Dear Family,
I’m happy to share some good news with you:
A couple months ago, Tanja and I got married!
We celebrated our wedding in the Mexican jungle at Kumankaya Healing Center—right at the conclusion of my ~5.5 weeks there.
We were married by the great Christian curandero Remi Delaune in an ayahuasca ceremony at Kumankaya—with our closest family members present there.
This event truly felt like the apotheosis or eschaton of my time at Kumankaya. In a sense, it was the ‘end of a world’—the end of the life-world of Jordan Bates as I have known him; Jordan Bates as an unmarried man.
The weeks prior to the wedding had felt like passing through the eye of yet another needle—a wee, tiny, minuscule needle.

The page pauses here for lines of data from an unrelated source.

(* Let $K$ be an infinite field and let $\mathcal{A} \subseteq (\mathbb{Z}_{\ge 0})^n$ be a support set all of whose elements are monomials of the same type. Let $G \subseteq S_n$ be a subgroup acting transitively on the set of all monomials of this type. Then for general coefficients of $f \in K^{\mathcal{A}}$ with respect to $\mathcal{A}$, the ideal $(G.f) \subseteq K[x_1,\dots,x_n]$ is a monomial ideal, and it is generated by the orbit $G.m$ of any monomial $m$ occurring in $f$ (equivalently, it is generated by all monomials of this type).
   Context: A support set is a non-empty finite subset $\mathcal{A}\subseteq(\mathbb{Z}_{\ge0})^n$; monomials are identified with exponent vectors. The type of a monomial is the partition of its degree obtained by listing its exponents in decreasing order; two monomials have the same type iff they are permutations of each other. $K^{\mathcal{A}}$ is identified with the polynomials whose support is contained in $\mathcal{A}$. $S_n$ acts by $\sigma.x_i = x_{\sigma(i)}$; $G.f$ is the orbit of $f$ and $(G.f)$ the ideal generated by it. ''For general coefficients of $f$ with respect to $\mathcal{A}$'' means: the set of $f\in K^{\mathcal{A}}$ for which the assertion holds contains a non-empty Zariski-open subset of $K^{\mathcal{A}}$. *)

From HB Require Import structures.
From mathcomp Require Import all_boot all_order all_algebra all_fingroup.
From mathcomp Require Import mpoly.
Set Implicit Arguments. Unset Strict Implicit. Unset Printing Implicit Defensive.
Import GRing.Theory.
Local Open Scope ring_scope.

(* The type of a monomial (exponent vector): the partition of its degree
   obtained by listing its (nonzero) exponents in decreasing order. *)
Definition mtype (n : nat) (a : 'X_{1..n}) : seq nat :=
  sort (fun x y => (y <= x)%N) [seq e <- (a : seq nat) | e != 0%N].

Definition in_ideal (n : nat) (K : fieldType) (S : {mpoly K[n]} -> Prop)
  (p : {mpoly K[n]}) : Prop :=
  exists gs : seq ({mpoly K[n]} * {mpoly K[n]}),
    (forall q, q \in gs -> S q.2) /\ p = \sum_(q <- gs) q.1 * q.2.

Definition same_ideal (n : nat) (K : fieldType) (S T : {mpoly K[n]} -> Prop) : Prop :=
  forall p, in_ideal S p <-> in_ideal T p.

(* the orbit G.f of f, for the action sigma.x_i = x_(sigma i) (msym) *)
Definition orbit_poly (n : nat) (K : fieldType) (G : {group 'S_n})
  (f : {mpoly K[n]}) : {mpoly K[n]} -> Prop :=
  fun g => exists2 s, s \in G & g = msym s f.

Definition monomials_of_type (n : nat) (K : fieldType) (t : seq nat)
  : {mpoly K[n]} -> Prop :=
  fun g => exists2 b : 'X_{1..n}, mtype b = t & g = 'X_[b].

(* K^A, A = [:: a_0; ...; a_(k-1)] a duplicate-free list, is identified with
   K^k via the coordinates f |-> (f@_(a_i))_i of a polynomial with support in A. *)
Definition coords (n : nat) (K : fieldType) (A : seq 'X_{1..n}) (f : {mpoly K[n]})
  : 'I_(size A) -> K := fun i => f@_(nth 0%MM A i).

Definition zariski_open (k : nat) (K : fieldType) (U : ('I_k -> K) -> Prop) : Prop :=
  exists S : {mpoly K[k]} -> Prop,
    forall v, U v <-> exists h, S h /\ h.@[v] != 0.

Definition infinite_field (K : fieldType) : Prop :=
  forall s : seq K, exists x : K, x \notin s.

Arguments coords {n K} A f _.
Arguments orbit_poly {n K} G f _.
Arguments in_ideal {n K} S p.
Arguments same_ideal {n K} S T.
Arguments monomials_of_type {n} K t _.
Arguments zariski_open {k K} U.

From HB Require Import structures.
From mathcomp Require Import all_boot all_order all_algebra all_fingroup.
From mathcomp Require Import mpoly.
Set Implicit Arguments. Unset Strict Implicit. Unset Printing Implicit Defensive.
Import GRing.Theory.
Local Open Scope ring_scope.

(* Enumerate the monomials b_1, ..., b_N of the given type and choose s_k in G
   with s_k(m0) = b_k, where m0 is the first element of A. For f supported on A,
   s_j.f = sum_k M(f)_jk X^b_k, where the entries of M(f) are linear forms in the
   coefficients of f. Whenever det M(f) != 0 the matrix can be inverted, so every
   X^b_k lies in the ideal (G.f); conversely every s.f is a combination of
   monomials of the type. Hence U = {det M != 0} works, and it is non-empty
   because M(X^m0) is the identity matrix. *)

Section IdealGeneration.
Variables (n : nat) (K : fieldType).
Implicit Types (S T : {mpoly K[n]} -> Prop) (p q : {mpoly K[n]}).

Lemma in_ideal0 T : in_ideal T 0.
Proof. by exists [::]; split => //; rewrite big_nil. Qed.

Lemma in_idealD T p q : in_ideal T p -> in_ideal T q -> in_ideal T (p + q).
Proof.
move=> [g1 [h1 ->]] [g2 [h2 ->]]; exists (g1 ++ g2); split; last by rewrite big_cat.
by move=> r; rewrite mem_cat => /orP[/h1|/h2].
Qed.

Lemma in_idealM T c p : in_ideal T p -> in_ideal T (c * p).
Proof.
move=> [g [h ->]]; exists [seq (c * r.1, r.2) | r <- g]; split.
  by move=> r /mapP[r' /h Tr' ->].
by rewrite big_map mulr_sumr; apply: eq_bigr => r _; rewrite mulrA.
Qed.

Lemma in_idealZ T (c : K) p : in_ideal T p -> in_ideal T (c *: p).
Proof. by rewrite -mul_mpolyC; apply: in_idealM. Qed.

Lemma in_ideal_sum T m (F : 'I_m -> {mpoly K[n]}) :
  (forall j, in_ideal T (F j)) -> in_ideal T (\sum_(j < m) F j).
Proof.
by move=> TF; apply: (big_ind (in_ideal T)) => //; [apply: in_ideal0 | apply: in_idealD].
Qed.

Lemma in_ideal_gen T p : T p -> in_ideal T p.
Proof.
move=> Tp; exists [:: (1, p)]; split; first by move=> r; rewrite inE => /eqP ->.
by rewrite big_seq1 mul1r.
Qed.

Lemma in_ideal_trans S T : (forall g, S g -> in_ideal T g) ->
  forall p, in_ideal S p -> in_ideal T p.
Proof.
move=> ST p [g [Sg ->]]; elim: g Sg => [|r g IHg] Sg; first by rewrite big_nil; apply: in_ideal0.
rewrite big_cons; apply: in_idealD.
  by apply/in_idealM/ST/Sg; rewrite mem_head.
by apply: IHg => q gq; apply: Sg; rewrite inE gq orbT.
Qed.

Lemma same_idealP S T : (forall g, S g -> in_ideal T g) ->
  (forall g, T g -> in_ideal S g) -> same_ideal S T.
Proof. by move=> ST TS p; split; apply: in_ideal_trans. Qed.

Lemma same_ideal_trans S T U : same_ideal S T -> same_ideal T U -> same_ideal S U.
Proof. by move=> ST TU p; rewrite ST TU. Qed.

End IdealGeneration.

Section Monomials.
Variable n : nat.

Definition mperm (s : 'S_n) (m : 'X_{1..n}) : 'X_{1..n} :=
  [multinom m ((s^-1)%g i) | i < n].

Lemma msymX_mperm (R : nzRingType) (s : 'S_n) m :
  msym s ('X_[m] : {mpoly R[n]}) = 'X_[mperm s m].
Proof. exact: msymX. Qed.

Lemma perm_eq_mperm (s : 'S_n) m : perm_eq (mperm s m : seq nat) m.
Proof.
have enumE (m' : 'X_{1..n}) : (m' : seq nat) = [seq m' i | i <- enum 'I_n].
  by rewrite -[LHS](map_tnth_enum (multinom_val m')).
rewrite (enumE (mperm s m)) (enumE m).
have -> : [seq mperm s m i | i <- enum 'I_n] = map m (map (s^-1)%g (enum 'I_n)).
  by rewrite -[RHS]map_comp; apply: eq_map => i; rewrite /mperm mnmE.
apply/perm_map/uniq_perm; first by rewrite map_inj_uniq ?enum_uniq //; apply: perm_inj.
  exact: enum_uniq.
by move=> i; rewrite mem_enum; apply/mapP; exists (s i); rewrite ?mem_enum ?permK.
Qed.

Lemma mtype_mperm (s : 'S_n) m : mtype (mperm s m) = mtype m.
Proof.
apply/perm_sortP; last exact/perm_filter/perm_eq_mperm.
- by move=> x y; apply: leq_total.
- by move=> x y z yx zy; apply: leq_trans zy yx.
- by move=> x y /andP[yx xy]; apply/eqP; rewrite eqn_leq xy yx.
Qed.

Lemma mpolyX_inj (R : nzRingType) : injective (fun m => 'X_[m] : {mpoly R[n]}).
Proof.
move=> a b /(congr1 (mcoeff a)); rewrite !mcoeffX eqxx.
by case: (b =P a) => // _ /eqP; rewrite oner_eq0.
Qed.

Lemma sum_pred1_seq (T : eqType) (V : zmodType) (r : seq T) x (F : T -> V) :
  uniq r -> \sum_(y <- r) (if y == x then F y else 0) = if x \in r then F x else 0.
Proof.
elim: r => [|y r IHr] /= => [_|/andP[yr ur]]; first by rewrite big_nil.
rewrite big_cons IHr // inE; have [<-|_] := eqVneq y x; first by rewrite (negbTE yr) addr0.
by rewrite add0r.
Qed.

Lemma mpolyE_supp (R : nzRingType) (A : seq 'X_{1..n}) (f : {mpoly R[n]}) :
  uniq A -> {subset msupp f <= A} -> f = \sum_(a <- A) f@_a *: 'X_[a].
Proof.
move=> uA fA; apply/mpolyP => m; rewrite raddf_sum /=.
under eq_bigr => a _ do rewrite mcoeffZ mcoeffX mulr_natr mulrb.
rewrite sum_pred1_seq //; case: ifP => // mA; apply/eqP; rewrite mcoeff_eq0.
by apply: contraFN mA => /fA.
Qed.

Lemma msym_coordsE (K : fieldType) (A : seq 'X_{1..n}) (f : {mpoly K[n]}) s :
  uniq A -> {subset msupp f <= A} ->
  msym s f = \sum_(i < size A) coords A f i *: 'X_[mperm s (nth 0%MM A i)].
Proof.
move=> uA fA; rewrite {1}(mpolyE_supp uA fA) (big_nth 0%MM) big_mkord linear_sum.
by apply: eq_bigr => i _; rewrite linearZ /= msymX_mperm.
Qed.

End Monomials.

Lemma invmx_combination (R : comUnitRingType) (V : lmodType R) m (M : 'M[R]_m)
  (x y : 'I_m -> V) : M \in unitmx ->
  (forall j, y j = \sum_k M j k *: x k) ->
  forall k, x k = \sum_j invmx M k j *: y j.
Proof.
move=> Munit yE k.
transitivity (\sum_l (invmx M *m M) k l *: x l).
  rewrite mulVmx // (bigD1 k) //= big1 => [|l /negbTE lk]; rewrite mxE.
    by rewrite eqxx scale1r addr0.
  by rewrite eq_sym lk scale0r.
under [RHS]eq_bigr => j _ do rewrite yE scaler_sumr.
rewrite exchange_big; apply: eq_bigr => l _ /=.
by rewrite mxE scaler_suml; apply: eq_bigr => j _; rewrite scalerA.
Qed.

Section OrbitMatrix.
Variables (K : fieldType) (n : nat) (A : seq 'X_{1..n}) (G : {group 'S_n}).
Hypothesis A_neq0 : A != [::].
Hypothesis A_uniq : uniq A.
Hypothesis A_mtype : forall a b, a \in A -> b \in A -> mtype a = mtype b.
Hypothesis G_transitive : forall a b : 'X_{1..n}, mtype a = mtype (head 0%MM A) ->
  mtype b = mtype (head 0%MM A) ->
  exists2 s, s \in G & msym s ('X_[a] : {mpoly K[n]}) = 'X_[b].

Local Notation m0 := (head 0%MM A).

Lemma mtype_head a : a \in A -> mtype a = mtype m0.
Proof. by move=> aA; apply: A_mtype => //; case: A A_neq0 => // c s _; rewrite mem_head. Qed.

Definition orbit_seq := [seq mperm s m0 | s <- enum G].
Definition orbit_mons := undup orbit_seq.
Local Notation N := (size orbit_mons).
Definition orbit_mon (k : 'I_N) := nth 0%MM orbit_mons k.

(* The first s in [enum G] with s(m0) = b_k. *)
Definition orbit_rep (k : 'I_N) : 'S_n :=
  nth 1%g (enum G) (index (orbit_mon k) orbit_seq).

Lemma orbit_rep_index k : (index (orbit_mon k) orbit_seq < size (enum G))%N.
Proof. by rewrite -(size_map (fun s => mperm s m0)) index_mem -mem_undup mem_nth. Qed.

Lemma orbit_rep_in k : orbit_rep k \in G.
Proof. by rewrite -mem_enum mem_nth // orbit_rep_index. Qed.

Lemma mperm_orbit_rep k : mperm (orbit_rep k) m0 = orbit_mon k.
Proof.
rewrite -(nth_map 1%g 0%MM (fun s => mperm s m0)) ?orbit_rep_index // nth_index //.
by rewrite -mem_undup mem_nth.
Qed.

Lemma orbit_mon_eq j k : (orbit_mon j == orbit_mon k) = (j == k).
Proof. by rewrite nth_uniq ?undup_uniq. Qed.

Lemma mem_orbit_mons b : mtype b = mtype m0 -> b \in orbit_mons.
Proof.
move=> tb; have [s sG] := G_transitive (erefl _) tb.
rewrite msymX_mperm => /mpolyX_inj <-.
by rewrite mem_undup; apply: map_f; rewrite mem_enum.
Qed.

Lemma orbit_mon_onto b : mtype b = mtype m0 -> exists k, orbit_mon k = b.
Proof.
move/mem_orbit_mons => bB.
by exists (Ordinal (etrans (index_mem _ _) bB)); rewrite /orbit_mon nth_index.
Qed.

Definition orbit_matrix (R : pzRingType) (v : 'I_(size A) -> R) : 'M[R]_N :=
  \matrix_(j, k) \sum_(i < size A)
    v i * (orbit_mon k == mperm (orbit_rep j) (nth 0%MM A i))%:R.

Definition orbit_det : {mpoly K[size A]} := \det (orbit_matrix (fun i => 'X_i)).

Lemma meval_orbit_det v : orbit_det.@[v] = \det (orbit_matrix v).
Proof.
rewrite -det_map_mx; congr (\det _); apply/matrixP => j k.
rewrite !mxE rmorph_sum; apply: eq_bigr => i _.
by rewrite rmorphM /= mevalXU rmorph_nat.
Qed.

Lemma orbit_matrix_head : orbit_matrix (coords A ('X_[m0] : {mpoly K[n]})) = 1%:M.
Proof.
have A_gt0 : (0 < size A)%N by case: A A_neq0.
apply/matrixP => j k; rewrite !mxE (bigD1 (Ordinal A_gt0)) //= big1 => [|i i0].
  by rewrite /coords mcoeffX -nth0 eqxx mul1r addr0 nth0 mperm_orbit_rep orbit_mon_eq eq_sym.
rewrite /coords mcoeffX -nth0 nth_uniq // -(inj_eq val_inj) /= in i0 *.
by rewrite eq_sym (negbTE i0) mul0r.
Qed.

Lemma sum_orbit_mon_pred1 b : b \in orbit_mons ->
  \sum_k (orbit_mon k == b)%:R *: ('X_[orbit_mon k] : {mpoly K[n]}) = 'X_[b].
Proof.
move=> bB; transitivity (\sum_(c <- orbit_mons) (if c == b then 'X_[c] else 0 : {mpoly K[n]})).
  rewrite (big_nth 0%MM) big_mkord; apply: eq_bigr => k _.
  by case: eqP; rewrite ?scale1r ?scale0r.
by rewrite sum_pred1_seq ?undup_uniq // bB.
Qed.

Section GenericPolynomial.
Variable f : {mpoly K[n]}.
Hypothesis f_supp : {subset msupp f <= A}.

Lemma msym_orbit_rep j :
  msym (orbit_rep j) f = \sum_k orbit_matrix (coords A f) j k *: 'X_[orbit_mon k].
Proof.
rewrite (msym_coordsE _ A_uniq f_supp).
under [RHS]eq_bigr => k _ do rewrite mxE scaler_suml.
rewrite exchange_big; apply: eq_bigr => i _ /=.
under eq_bigr => k _ do rewrite -scalerA.
rewrite -scaler_sumr sum_orbit_mon_pred1 // mem_orbit_mons //.
by rewrite mtype_mperm mtype_head // mem_nth.
Qed.

Lemma orbit_ideal_monomials_of_type :
  \det (orbit_matrix (coords A f)) != 0 ->
  same_ideal (orbit_poly G f) (monomials_of_type K (mtype m0)).
Proof.
move=> det_neq0; apply: same_idealP => g.
  case=> s _ ->; rewrite (msym_coordsE _ A_uniq f_supp); apply: in_ideal_sum => i.
  apply/in_idealZ/in_ideal_gen; exists (mperm s (nth 0%MM A i)) => //.
  by rewrite mtype_mperm mtype_head // mem_nth.
case=> b /orbit_mon_onto[k <-] ->.
have Munit : orbit_matrix (coords A f) \in unitmx by rewrite unitmxE unitfE.
rewrite (invmx_combination Munit msym_orbit_rep); apply: in_ideal_sum => j.
by apply/in_idealZ/in_ideal_gen; exists (orbit_rep j); rewrite ?orbit_rep_in.
Qed.

End GenericPolynomial.

Lemma monomials_of_type_orbitX m : m \in A ->
  same_ideal (monomials_of_type K (mtype m0)) (orbit_poly G ('X_[m] : {mpoly K[n]})).
Proof.
move=> mA; apply: same_idealP => g.
  case=> b tb ->; apply: in_ideal_gen.
  by have [s sG] := G_transitive (mtype_head mA) tb; exists s.
case=> s _ ->; apply: in_ideal_gen; rewrite msymX_mperm.
by exists (mperm s m); rewrite // mtype_mperm mtype_head.
Qed.

End OrbitMatrix.

Theorem theorem1p1 (K : fieldType) (n : nat) (A : seq 'X_{1..n})
  (G : {group 'S_n}) :
  infinite_field K ->
  A != [::] -> uniq A ->
  (forall a b, a \in A -> b \in A -> mtype a = mtype b) ->
  (forall a b : 'X_{1..n}, mtype a = mtype (head 0%MM A) ->
     mtype b = mtype (head 0%MM A) ->
     exists2 s, s \in G & msym s ('X_[a] : {mpoly K[n]}) = 'X_[b]) ->
  exists U : ('I_(size A) -> K) -> Prop,
    [/\ zariski_open U, (exists v, U v) &
      forall f : {mpoly K[n]},
        (forall m, m \in msupp f -> m \in A) ->
        U (coords A f) ->
        same_ideal (orbit_poly G f) (monomials_of_type K (mtype (head 0%MM A)))
        /\ (forall m, m \in msupp f ->
              same_ideal (orbit_poly G f) (orbit_poly G 'X_[m]))].
Proof.
move=> _ A_neq0 A_uniq A_mtype G_transitive.
exists (fun v => \det (orbit_matrix G v) != 0); split.
- exists (eq^~ (orbit_det K A G)) => v; split => [det_neq0|[_ [-> det_neq0]]].
    by exists (orbit_det K A G); rewrite meval_orbit_det.
  by rewrite -meval_orbit_det.
- exists (coords A ('X_[head 0%MM A] : {mpoly K[n]})).
  by rewrite orbit_matrix_head // det1 oner_neq0.
move=> f f_supp det_neq0.
have f_type := orbit_ideal_monomials_of_type A_neq0 A_uniq A_mtype G_transitive f_supp det_neq0.
split=> // m mf; apply: same_ideal_trans f_type _.
exact: (monomials_of_type_orbitX A_neq0 A_mtype G_transitive (f_supp _ mf)).
Qed.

So many layers and snakeskins were being peeled, dissolved, cleaned, melted, purged out of me. I was being prepared for the greatest and most beautiful adventure of my life—the adventure of true and total commitment to my wife, our daughter, our family.
The wedding ceremony was abyss-deep for me. Strong ayahuasca induced a lot of purging. It may have been the most purging I’ve done in a single ceremony—top two or three, I’d imagine. This felt kind of strange to be doing in the presence of my mother, father, and other family members. Yet it was clear that it was destined to be this way.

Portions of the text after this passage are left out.